** Instructions to follow **
After reading the entries below, copy word for word the lines from the first through the line containing "Let pohozaev_flux z", and stop there.

** Exercise materials **
Let u z := Re (eta z).
Let v z := Im (eta z).
Let u1 z := Re (eta' z).
Let v1 z := Im (eta' z).
Let u2 z := Re (eta'' z).
Let v2 z := Im (eta'' z).
Let mass z := u z ^ 2 + v z ^ 2.
Let dens z := u1 z ^ 2 + v1 z ^ 2.
Let current z := u z * v1 z - v z * u1 z.
Let mass_flux z := current z + h / 2 * z * mass z.
Let pohozaev_flux z :=
  / 2 * z * dens z + (/ 2 - sigma) * (u z * u1 z + v z * v1 z) + kappa / h * current z.

Let u_derive z : z <> 0 -> is_derive u z (u1 z).
Proof. intros hz. apply is_derive_Re, eta_derive, hz. Qed.
Let v_derive z : z <> 0 -> is_derive v z (v1 z).
Proof. intros hz. apply is_derive_Im, eta_derive, hz. Qed.
Let u1_derive z : z <> 0 -> is_derive u1 z (u2 z).
Proof. intros hz. apply is_derive_Re, eta'_derive, hz. Qed.
Let v1_derive z : z <> 0 -> is_derive v1 z (v2 z).
Proof. intros hz. apply is_derive_Im, eta'_derive, hz. Qed.
Let u2_eq z : z <> 0 -> u2 z = kappa * u z + h * (/ 2 - sigma) * v z + h * z * v1 z.
Proof. intros hz. apply profile_equation_Re, eta_equation, hz. Qed.
Let v2_eq z : z <> 0 -> v2 z = kappa * v z - h * (/ 2 - sigma) * u z - h * z * u1 z.
Proof. intros hz. apply profile_equation_Im, eta_equation, hz. Qed.

Let pohozaev_flux_derive z : z <> 0 -> is_derive pohozaev_flux z ((1 - sigma) * dens z).
Proof.
  intros hz.
  pose proof (u_derive z hz). pose proof (v_derive z hz).
  pose proof (u1_derive z hz). pose proof (v1_derive z hz).
  unfold pohozaev_flux, dens, current. derive_by_hyps.
  rewrite (u2_eq z hz), (v2_eq z hz). field. lra.
Qed.

Let mass_flux_derive z : z <> 0 -> is_derive mass_flux z (h * sigma * mass z).
Proof.
  intros hz.
  pose proof (u_derive z hz). pose proof (v_derive z hz).
  pose proof (u1_derive z hz). pose proof (v1_derive z hz).
  unfold mass_flux, mass, current. derive_by_hyps.
  rewrite (u2_eq z hz), (v2_eq z hz). field.
Qed.

Let u_lim_right : filterlim u (at_right 0) (locally (u 0)).
Proof. apply filterlim_Re, filterlim_at_right_of_continuous, eta_continuous_0. Qed.
Let v_lim_right : filterlim v (at_right 0) (locally (v 0)).
Proof. apply filterlim_Im, filterlim_at_right_of_continuous, eta_continuous_0. Qed.
Let u_lim_left : filterlim u (at_left 0) (locally (u 0)).
Proof. apply filterlim_Re, filterlim_at_left_of_continuous, eta_continuous_0. Qed.
Let v_lim_left : filterlim v (at_left 0) (locally (v 0)).
Proof. apply filterlim_Im, filterlim_at_left_of_continuous, eta_continuous_0. Qed.
Let u1_lim_right : filterlim u1 (at_right 0) (locally (Re dplus)).
Proof. apply filterlim_Re, eta'_lim_right. Qed.
Let v1_lim_right : filterlim v1 (at_right 0) (locally (Im dplus)).
Proof. apply filterlim_Im, eta'_lim_right. Qed.
Let u1_lim_left : filterlim u1 (at_left 0) (locally (Re dminus)).
Proof. apply filterlim_Re, eta'_lim_left. Qed.
Let v1_lim_left : filterlim v1 (at_left 0) (locally (Im dminus)).
Proof. apply filterlim_Im, eta'_lim_left. Qed.
Let id_lim_right : filterlim (fun z => z) (at_right 0) (locally 0).
Proof. apply (filterlim_at_right_of_continuous (fun z => z)), continuous_id. Qed.
Let id_lim_left : filterlim (fun z => z) (at_left 0) (locally 0).
Proof. apply (filterlim_at_left_of_continuous (fun z => z)), continuous_id. Qed.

** Task output **
Let u z := Re (eta z).
Let v z := Im (eta z).
Let u1 z := Re (eta' z).
Let v1 z := Im (eta' z).
Let u2 z := Re (eta'' z).
Let v2 z := Im (eta'' z).
Let mass z := u z ^ 2 + v z ^ 2.
Let dens z := u1 z ^ 2 + v1 z ^ 2.
Let current z := u z * v1 z - v z * u1 z.
Let mass_flux z := current z + h / 2 * z * mass z.
Let pohozaev_flux z :=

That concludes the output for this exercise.